Bazı fizikçiler tartışır Enflasyon olarak bilinen kozmik şafaktaki hızlı patlama, bir tür çoklu evreni kaçınılmaz kılıyor. Evrenimiz gerçekten birçok evrenden sadece biri olacak.

Bu teoride, her yeni evren, fiziksel yasaların benzersiz bir kombinasyonu ile damgalanmış, devasa şişme arka planından kristalleşir.

Bizimkine benzer fiziksel yasalar bu diğer evrenleri yönetiyorsa, onlarla başa çıkabiliriz. En azından teoride.

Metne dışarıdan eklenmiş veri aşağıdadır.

(* Let $x,y>0$, $z\ge 0$, $p>0$ (the approximations are intended for the regime $z,p\ll x,y$). Let $a=(x+y)/2$, $g=\sqrt{xy}$, $b=\sqrt{3p(p+2z)}/2$, $d=(z+2p)/3$. Then $$R_J(x,y,z,p)=\frac3g R_C(z,p)-\frac{3\theta}{g-p}\left[R_C(z,g)-\frac pg R_C(z,p)\right],$$ where $1\le\theta\le a/g$ with equalities iff $x=y$; in the complete case $z=0$ this reduces to $$R_J(x,y,0,p)=\frac{3\pi}{2\sqrt{xyp}}\left(1-\frac{\theta\sqrt p}{\sqrt g+\sqrt p}\right)$$ with $\theta$ as before. Moreover, $$R_J(x,y,z,p)=\frac3g R_C(z,p)-\frac{6}{xy}R_G(x,y,0)+\frac{3\pi\theta'}{2xy},\quad \frac{\sqrt b}{1+\sqrt{b/g}}<\theta'<\frac{3a}{2g}\,\frac{\sqrt d}{1+\sqrt{d/g}}.$$
   Context: For $x,y,z\ge 0$ with at most one zero and $p>0$: $R_J(x,y,z,p)=\frac32\int_0^\infty[(t+x)(t+y)(t+z)]^{-1/2}(t+p)^{-1}\,dt$; $R_G(x,y,z)=\frac14\int_0^\infty[(t+x)(t+y)(t+z)]^{-1/2}\left(\frac{x}{t+x}+\frac{y}{t+y}+\frac{z}{t+z}\right)t\,dt$. For $x\ge0$, $y>0$: $R_C(x,y)=\frac12\int_0^\infty(t+x)^{-1/2}(t+y)^{-1}\,dt$. *)

From Stdlib Require Import Reals.
From Coquelicot Require Import Coquelicot.
Open Scope R_scope.

(* Improper integral over (0, +oo): lower end is approached from the right
   (the integrands may be singular at t = 0 when a variable vanishes),
   upper end is +oo. *)
Definition int0inf (f : R -> R) : R :=
  RInt_gen f (at_right 0) (Rbar_locally p_infty).

Definition RC (x y : R) : R :=
  / 2 * int0inf (fun t => / sqrt (t + x) * / (t + y)).

Definition RJ (x y z p : R) : R :=
  3 / 2 * int0inf (fun t => / sqrt ((t + x) * (t + y) * (t + z)) * / (t + p)).

Definition RG (x y z : R) : R :=
  / 4 * int0inf (fun t => / sqrt ((t + x) * (t + y) * (t + z)) *
                          (x / (t + x) + y / (t + y) + z / (t + z)) * t).

From Stdlib Require Import Reals Lra Psatz Classical.
From Coquelicot Require Import Coquelicot.
Open Scope R_scope.

(* Write g = sqrt (x y), a = (x + y) / 2, w for the integrand of R_C(z, p) and
   h_{x,y}(t) = 1 / sqrt (x y) - 1 / sqrt ((t + x) (t + y)) (this is [defect x y t]), so that
   R_J(x, y, z, p) = (3/2) int w (1/g - h_{x,y}).  Squaring shows h_{g,g} <= h_{x,y} <= (a/g) h_{g,g},
   strictly unless x = y, and h_{g,g}(t) = t / (g (t + g)).  Hence for every positive weight phi,
   int phi h_{x,y} = theta int phi h_{g,g} with 1 <= theta <= a/g.
   For phi = w, partial fractions turn int w h_{g,g} into R_C(z, p) and R_C(z, g), or into
   arctangents when z = 0.  For the second formula, integration by parts gives
   R_G(x, y, 0) = (x y / 4) int t^(-3/2) h_{x,y}; one takes phi = t^(-3/2) - w and bounds w between
   (2 t - d) / (2 t^(3/2) (t + d)) and t^(-1/2) / (t + b), which bounds int phi h_{g,g} by
   elementary integrals. *)

(** * Improper integrals over (0, +oo) *)

Notation is_RInt_0_oo f l := (@is_RInt_gen R_NormedModule f (at_right 0) (Rbar_locally p_infty) l).
Notation ex_RInt_0_oo f := (@ex_RInt_gen R_NormedModule f (at_right 0) (Rbar_locally p_infty)).

Definition continuous_on_pos (f : R -> R) := forall t, 0 < t -> continuous f t.

Lemma continuous_on_pos_of_ex_derive (f : R -> R) :
  (forall t, 0 < t -> ex_derive f t) -> continuous_on_pos f.
Proof. intros Hf t Ht. apply (ex_derive_continuous (K := R_AbsRing) (V := R_NormedModule)), Hf, Ht. Qed.

Lemma continuous_on_pos_minus (f g : R -> R) :
  continuous_on_pos f -> continuous_on_pos g -> continuous_on_pos (fun t => f t - g t).
Proof. intros Hf Hg t Ht. apply (continuous_minus f g); auto. Qed.

Lemma continuous_on_pos_mult (f g : R -> R) :
  continuous_on_pos f -> continuous_on_pos g -> continuous_on_pos (fun t => f t * g t).
Proof. intros Hf Hg t Ht. apply (continuous_mult f g); auto. Qed.

Lemma continuous_on_pos_scal (k : R) (f : R -> R) :
  continuous_on_pos f -> continuous_on_pos (fun t => k * f t).
Proof. intros Hf t Ht. apply (continuous_mult (fun _ => k) f); auto. apply continuous_const. Qed.

Lemma continuous_on_pos_div_shift (f : R -> R) (c : R) :
  0 <= c -> continuous_on_pos f -> continuous_on_pos (fun t => f t / (t + c)).
Proof.
  intros Hc Hf. apply continuous_on_pos_mult; [exact Hf|].
  apply continuous_on_pos_of_ex_derive; intros t Ht; auto_derive; lra.
Qed.

Lemma at_right_0_lt (c : R) : 0 < c -> at_right 0 (fun u => 0 < u < c).
Proof.
  intros Hc. exists (mkposreal c Hc); intros u Hu Hu0.
  change (Rabs (u - 0) < c) in Hu. apply Rabs_def2 in Hu. lra.
Qed.

Lemma eventually_0_lt_segment :
  filter_prod (at_right 0) (Rbar_locally p_infty) (fun ab => 0 < fst ab < snd ab).
Proof.
  apply Filter_prod with (fun u => 0 < u < 1) (fun v => 1 < v).
  - exact (at_right_0_lt 1 Rlt_0_1).
  - exists 1; auto.
  - simpl; intros u v Hu Hv; lra.
Qed.

Lemma ex_RInt_continuous_on_pos (f : R -> R) (u v : R) :
  continuous_on_pos f -> 0 < u <= v -> ex_RInt f u v.
Proof.
  intros Hf Huv. apply (ex_RInt_continuous (V := R_CompleteNormedModule)).
  intros t Ht. apply Hf. rewrite Rmin_left in Ht; lra.
Qed.

Lemma is_RInt_0_oo_ext (f g : R -> R) (l : R) :
  (forall t, 0 < t -> f t = g t) -> is_RInt_0_oo f l -> is_RInt_0_oo g l.
Proof.
  intros Efg. apply is_RInt_gen_ext.
  eapply filter_imp; [|exact eventually_0_lt_segment].
  intros [u v] Huv t Ht; simpl in *.
  rewrite Rmin_left, Rmax_right in Ht by lra. apply Efg; lra.
Qed.

Lemma is_RInt_0_oo_plus (f g : R -> R) (lf lg : R) :
  is_RInt_0_oo f lf -> is_RInt_0_oo g lg -> is_RInt_0_oo (fun t => f t + g t) (lf + lg).
Proof. exact (is_RInt_gen_plus f g lf lg). Qed.
(* Let $A$ and $B$ be $\Bbbk$-algebras admitting normalized nearly Frobenius coproducts $\Delta_A$ and $\Delta_B$. Then (1) $C=A\times B$ admits a normalized nearly Frobenius coproduct, namely the one determined by $\Delta(1_C)=\sum(a_1,0)\otimes(a_2,0)+\sum(0,b_1)\otimes(0,b_2)$ where $\Delta_A(1_A)=\sum a_1\otimes a_2$ and $\Delta_B(1_B)=\sum b_1\otimes b_2$; and (2) $D=A\otimes B$ admits a normalized nearly Frobenius coproduct, namely $\Delta_D=\tau\circ(\Delta_A\otimes\Delta_B)$, where $\tau:(A\otimes A)\otimes(B\otimes B)\to(A\otimes B)\otimes(A\otimes B)$ is the transposition $a\otimes a'\otimes b\otimes b'\mapsto a\otimes b\otimes a'\otimes b'$.
   Context: Algebras are associative and unital over a field $\Bbbk$, tensor products over $\Bbbk$, $m$ denotes multiplication. A nearly Frobenius coproduct on $A$ is a $\Bbbk$-linear map $\Delta:A\to A\otimes A$ with $\Delta\circ m=(1\otimes m)\circ(\Delta\otimes 1)=(m\otimes 1)\circ(1\otimes\Delta)$ (an $A$-bimodule morphism). It is normalized if $m\circ\Delta=\operatorname{Id}_A$. *)

From HB Require Import structures.
From mathcomp Require Import all_boot all_algebra.
Set Implicit Arguments. Unset Strict Implicit. Unset Printing Implicit Defensive.
Import GRing.Theory.
Local Open Scope ring_scope.

Definition lin (K : fieldType) (U W : lmodType K) (g : U -> W) : Prop :=
  forall (c : K) (u v : U), g (c *: u + v) = c *: g u + g v.

Definition bilin (K : fieldType) (U V W : lmodType K) (f : U -> V -> W) : Prop :=
  (forall v : V, lin (fun u : U => f u v)) /\ (forall u : U, lin (f u)).

Definition is_tensor (K : fieldType) (U V T : lmodType K) (t : U -> V -> T) : Prop :=
  bilin t /\
  forall (W : lmodType K) (f : U -> V -> W), bilin f ->
    (exists g : T -> W, lin g /\ forall u v, g (t u v) = f u v) /\
    (forall g1 g2 : T -> W, lin g1 -> lin g2 ->
       (forall u v, g1 (t u v) = f u v) -> (forall u v, g2 (t u v) = f u v) ->
       forall x, g1 x = g2 x).

(* Nearly Frobenius coproduct Delta : A -> A (x) A, where A (x) A is
   realized by the tensor product (T, t).  The identities
     Delta o m = (1 (x) m) o (Delta (x) 1) = (m (x) 1) o (1 (x) Delta)
   of linear maps A (x) A -> A (x) A are stated on the spanning pure
   tensors x (x) y.  The maps (1 (x) m)(- (x) y) and (m (x) 1)(x (x) -)
   on A (x) A are the (unique) linear maps rho, lambda with
   rho (a (x) b) = a (x) b y and lambda (a (x) b) = x a (x) b. *)
Definition nearly_frobenius (K : fieldType) (A : algType K) (T : lmodType K)
    (t : A -> A -> T) (Delta : A -> T) : Prop :=
  lin Delta /\
  (forall (y : A) (rho : T -> T), lin rho ->
     (forall a b : A, rho (t a b) = t a (b * y)) ->
     forall x : A, Delta (x * y) = rho (Delta x)) /\
  (forall (x : A) (lam : T -> T), lin lam ->
     (forall a b : A, lam (t a b) = t (x * a) b) ->
     forall y : A, Delta (x * y) = lam (Delta y)).

(* Normalized: m o Delta = Id_A, where m : A (x) A -> A is the (unique)
   linear map with m (a (x) b) = a * b. *)
Definition normalized (K : fieldType) (A : algType K) (T : lmodType K)
    (t : A -> A -> T) (Delta : A -> T) : Prop :=
  forall mu : T -> A, lin mu -> (forall a b : A, mu (t a b) = a * b) ->
    forall x : A, mu (Delta x) = x.

Definition normalized_nearly_frobenius (K : fieldType) (A : algType K)
    (T : lmodType K) (t : A -> A -> T) (Delta : A -> T) : Prop :=
  nearly_frobenius t Delta /\ normalized t Delta.

(* Everything is checked on pure tensors, where the universal property forces
   linear maps to agree.  In A x B the coproduct is Delta_A + Delta_B pushed
   into the corners A x 0 and 0 x B; multiplication by y acts on a corner
   only through the corresponding component of y, so each corner inherits the
   bimodule identities and the counit property from A or B.  In A (x) B,
   multiplication by a pure tensor a (x) b is (.a) (x) (.b), so
   tau o (Delta_A (x) Delta_B) intertwines it with the corresponding operator on
   (A (x) B) (x) (A (x) B); a general multiplier is a linear combination of pure
   ones, and both sides of the identity are linear in it. *)

From mathcomp Require Import all_boot all_algebra.
From Stdlib Require Import ClassicalEpsilon.

Set Implicit Arguments.
Unset Strict Implicit.
Unset Printing Implicit Defensive.
Import GRing.Theory.
Local Open Scope ring_scope.

Section Linear.
Variable K : fieldType.
Implicit Types U V W : lmodType K.

Lemma lin_id U : lin (fun u : U => u).
Proof. by []. Qed.

Lemma lin0 U W (g : U -> W) : lin g -> g 0 = 0.
Proof.
move=> lg; have := lg 1 0 0; rewrite !scale1r addr0 => /(congr1 (fun w => w - g 0)).
by rewrite addrK subrr.
Qed.

Lemma linD U W (g : U -> W) : lin g -> forall u v, g (u + v) = g u + g v.
Proof. by move=> lg u v; have := lg 1 u v; rewrite !scale1r. Qed.

Lemma lin_sum U W (g : U -> W) (I : Type) (s : seq I) (F : I -> U) :
  lin g -> g (\sum_(i <- s) F i) = \sum_(i <- s) g (F i).
Proof.
move=> lg; elim: s => [|i s IHs]; first by rewrite !big_nil (lin0 lg).
by rewrite !big_cons (linD lg) IHs.
Qed.

Lemma lin_comp U V W (g : V -> W) (h : U -> V) : lin g -> lin h -> lin (fun u => g (h u)).
Proof. by move=> lg lh c u v; rewrite lh lg. Qed.

Lemma bilin_comp U V U' V' W W' (f : U -> V -> W) (h : U' -> U) (k : V' -> V)
    (g : W -> W') :
  bilin f -> lin h -> lin k -> lin g -> bilin (fun u v => g (f (h u) (k v))).
Proof.
move=> [fl fr] lh lk lg; split=> [v|u] c x y; first by rewrite lh fl lg.
by rewrite lk fr lg.
Qed.

Lemma bilin_mul (A : algType K) : bilin (fun a b : A => a * b).
Proof. by split=> [b|a] c x y; rewrite ?mulrDl ?mulrDr -?scalerAl -?scalerAr. Qed.

End Linear.

Arguments lin_id {K U}.

Section Tensor.
Variable K : fieldType.
Implicit Types P Q U V W X Y T : lmodType K.

Lemma tensor_lift U V T W (t : U -> V -> T) (f : U -> V -> W) :
  is_tensor t -> bilin f -> exists g : T -> W, lin g /\ forall u v, g (t u v) = f u v.
Proof. by case=> _ univ bf; case: (univ _ _ bf). Qed.

Lemma tensor_ext U V T W (t : U -> V -> T) (g1 g2 : T -> W) :
  is_tensor t -> lin g1 -> lin g2 -> (forall u v, g1 (t u v) = g2 (t u v)) -> g1 =1 g2.
Proof.
move=> [bt univ] lg1 lg2 E.
have [_ uniq] := univ _ _ (bilin_comp bt lin_id lin_id lg1).
by apply: uniq => // u v; rewrite E.
Qed.

Lemma bilin_tensor2_ext P1 Q1 T1 P2 Q2 T2 W (t1 : P1 -> Q1 -> T1) (t2 : P2 -> Q2 -> T2)
    (f g : T1 -> T2 -> W) :
  is_tensor t1 -> is_tensor t2 -> bilin f -> bilin g ->
  (forall p1 q1 p2 q2, f (t1 p1 q1) (t2 p2 q2) = g (t1 p1 q1) (t2 p2 q2)) ->
  forall z1 z2, f z1 z2 = g z1 z2.
Proof.
move=> ht1 ht2 [fl fr] [gl gr] E z1.
apply: (tensor_ext ht2 (fr z1) (gr z1)) => p2 q2.
exact: (tensor_ext ht1 (fl (t2 p2 q2)) (gl (t2 p2 q2))).
Qed.

(* The operator induced on [T] by [f y] depends linearly on [y], so an
   intertwining relation that holds for pure tensors [y] holds for all [y]. *)
Lemma intertwine_span X Y T P Q U V (Delta : X -> T) (act : Y -> X -> X)
    (t : P -> Q -> T) (f : Y -> P -> Q -> T) (d : U -> V -> Y) :
  is_tensor t -> is_tensor d -> lin Delta ->
  (forall w, lin (act^~ w)) -> (forall y, bilin (f y)) ->
  (forall p q, lin (fun y => f y p q)) ->
  (forall u v rho, lin rho -> (forall p q, rho (t p q) = f (d u v) p q) ->
     forall w, Delta (act (d u v) w) = rho (Delta w)) ->
  forall y rho, lin rho -> (forall p q, rho (t p q) = f y p q) ->
    forall w, Delta (act y w) = rho (Delta w).
Proof.
move=> ht hd lDelta lact bf lf pure y rho lrho rhoE w.
have [R RE] := choice _ (fun y => tensor_lift ht (bf y)).
have R_lin y' : lin (R y') := (RE y').1.
have R_lin_param z : lin (fun y' => R y' z).
  move=> c y1 y2; apply: (tensor_ext (g2 := fun z => c *: R y1 z + R y2 z) ht) => //.
    move=> k u v; rewrite (R_lin y1) (R_lin y2) !scalerDr !scalerA.
    by rewrite [c * k]mulrC addrACA.
  by move=> p q; rewrite !(RE _).2 lf.
have -> : rho (Delta w) = R y (Delta w).
  by apply: (tensor_ext ht lrho (R_lin y)) => p q; rewrite rhoE (RE y).2.
apply: (tensor_ext (g1 := fun y => Delta (act y w)) hd (lin_comp lDelta (lact w))
  (R_lin_param _)).
by move=> u v; apply: pure; [exact: R_lin | exact: (RE _).2].
Qed.

End Tensor.

Section TensorSquare.
Variables (K : fieldType) (A : algType K) (T : lmodType K) (t : A -> A -> T).
Hypothesis ht : is_tensor t.

Lemma tensor_mul_lift : exists mu : T -> A, lin mu /\ forall a b, mu (t a b) = a * b.
Proof. exact: tensor_lift ht (bilin_mul A). Qed.

Lemma tensor_mulr_lift y :
  exists rho : T -> T, lin rho /\ forall a b, rho (t a b) = t a (b * y).
Proof.
exact: tensor_lift ht (bilin_comp ht.1 lin_id ((bilin_mul A).1 y) lin_id).
Qed.

Lemma tensor_mull_lift x :
  exists lam : T -> T, lin lam /\ forall a b, lam (t a b) = t (x * a) b.
Proof.
exact: tensor_lift ht (bilin_comp ht.1 ((bilin_mul A).2 x) lin_id lin_id).
Qed.

End TensorSquare.

(* [e] embeds [A] as a corner of [C]: products with [e a] stay in the corner
   and see [y] only through [p y]. *)
Section Corner.
Variables (K : fieldType) (A C : algType K) (TA TC : lmodType K).
Variables (tA : A -> A -> TA) (tC : C -> C -> TC) (DeltaA : A -> TA).
Hypotheses (hTA : is_tensor tA) (hA : normalized_nearly_frobenius tA DeltaA).
Variables (e : A -> C) (p : C -> A).
Hypotheses (le : lin e) (pK : cancel e p).
Hypothesis e_mulr : forall a y, e a * y = e (a * p y).
Hypothesis e_mull : forall y a, y * e a = e (p y * a).
Variable iE : TA -> TC.
Hypotheses (liE : lin iE) (iE_t : forall a b, iE (tA a b) = tC (e a) (e b)).

Lemma corner_mulr y rho : lin rho -> (forall u v, rho (tC u v) = tC u (v * y)) ->
  forall x, iE (DeltaA (x * p y)) = rho (iE (DeltaA x)).
Proof.
move=> lrho rhoE x; have [rhoA [lrhoA rhoAE]] := tensor_mulr_lift hTA (p y).
rewrite (hA.1.2.1 _ _ lrhoA rhoAE).
apply: (tensor_ext hTA (lin_comp liE lrhoA) (lin_comp lrho liE)) => a b.
by rewrite rhoAE !iE_t rhoE e_mulr.
Qed.
(* Every formula $\varphi$ in first normal form is equivalent to a formula $\varphi'$ in second normal form such that $|\varphi'| \leq 3^{\mathrm{gfba}(\varphi)}\cdot|\varphi|$. Moreover, for every $b>0$, if $|\psi|\leq b$ for every limit subformula $\psi$ of $\varphi$, then $|\psi'|\leq b$ for every limit subformula $\psi'$ of $\varphi'$.
   Context: Fix a finite set $Ap$ of atomic propositions. A word is an infinite sequence $w = w[0]w[1]\dots$ of letters of $2^{Ap}$, and $w_i$ denotes the suffix $w[i]w[i+1]\dots$. Formulas are generated by $\varphi ::= \mathbf{true} \mid \mathbf{false} \mid a \mid \neg a \mid \varphi\wedge\varphi \mid \varphi\vee\varphi \mid \mathbf{X}\varphi \mid \varphi\,\mathbf{U}\,\varphi \mid \varphi\,\mathbf{W}\,\varphi \mid \mathbf{GF}\varphi \mid \mathbf{FG}\varphi$ ($a\in Ap$), where $\mathbf{GF}$, $\mathbf{FG}$ are single unary operators (limit operators). Semantics: $w\models a$ iff $a\in w[0]$, $w\models\neg a$ iff $a\notin w[0]$, Boolean constants and connectives as usual; $w\models\mathbf{X}\varphi$ iff $w_1\models\varphi$; $w\models\varphi\mathbf{U}\psi$ iff $\exists k$: $w_k\models\psi$ and $\forall j<k$: $w_j\models\varphi$; $w\models\varphi\mathbf{W}\psi$ iff ($\forall k$: $w_k\models\varphi$) or $w\models\varphi\mathbf{U}\psi$; $w\models\mathbf{GF}\varphi$ iff $w_k\models\varphi$ for infinitely many $k$; $w\models\mathbf{FG}\varphi$ iff $\exists n\,\forall k\geq n$: $w_k\models\varphi$. Two formulas are equivalent if satisfied by the same words. The syntax tree $T_\varphi$ has leaves $\mathbf{true},\mathbf{false},a,\neg a$ and one internal node per operator occurrence; $|\varphi|$ is its number of nodes. Formulas with top operator $\mathbf{U},\mathbf{W},\mathbf{X},\mathbf{GF},\mathbf{FG}$ are temporal formulas; those with top operator $\mathbf{GF}$ or $\mathbf{FG}$ are limit formulas, and the corresponding nodes are limit nodes. A node is under another if it is a proper descendant of it. $\mathrm{ubw}(\varphi)$ is the number of $\mathbf{U}$-nodes of $T_\varphi$ that are under some $\mathbf{W}$-node but not under any limit node. $\mathrm{gfba}(\varphi)$ is the number of distinct limit formulas $\psi'$ such that $\psi'$ is a proper subformula of some temporal subformula (proper or not) of $\varphi$. A formula is in first normal form if $\mathrm{ubw}(\varphi)=0$, and in second normal form if $\mathrm{ubw}(\varphi)=0$ and $\mathrm{gfba}(\varphi)=0$. *)

From Stdlib Require Import List.
From mathcomp Require Import all_boot.
Set Implicit Arguments. Unset Strict Implicit. Unset Printing Implicit Defensive.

Evrenin 13,77 milyar yıllık evriminin zaman çizelgesi. (NASA/WMAP Bilim Ekibi)

Evrenimizde fizik, bize nesnelerin birbirleriyle nasıl etkileşim kurması gerektiğini söyleyen kurallar ve bu etkileşimlerin gücünü belirleyen ışık hızı gibi doğa sabitleri tarafından yönetilir.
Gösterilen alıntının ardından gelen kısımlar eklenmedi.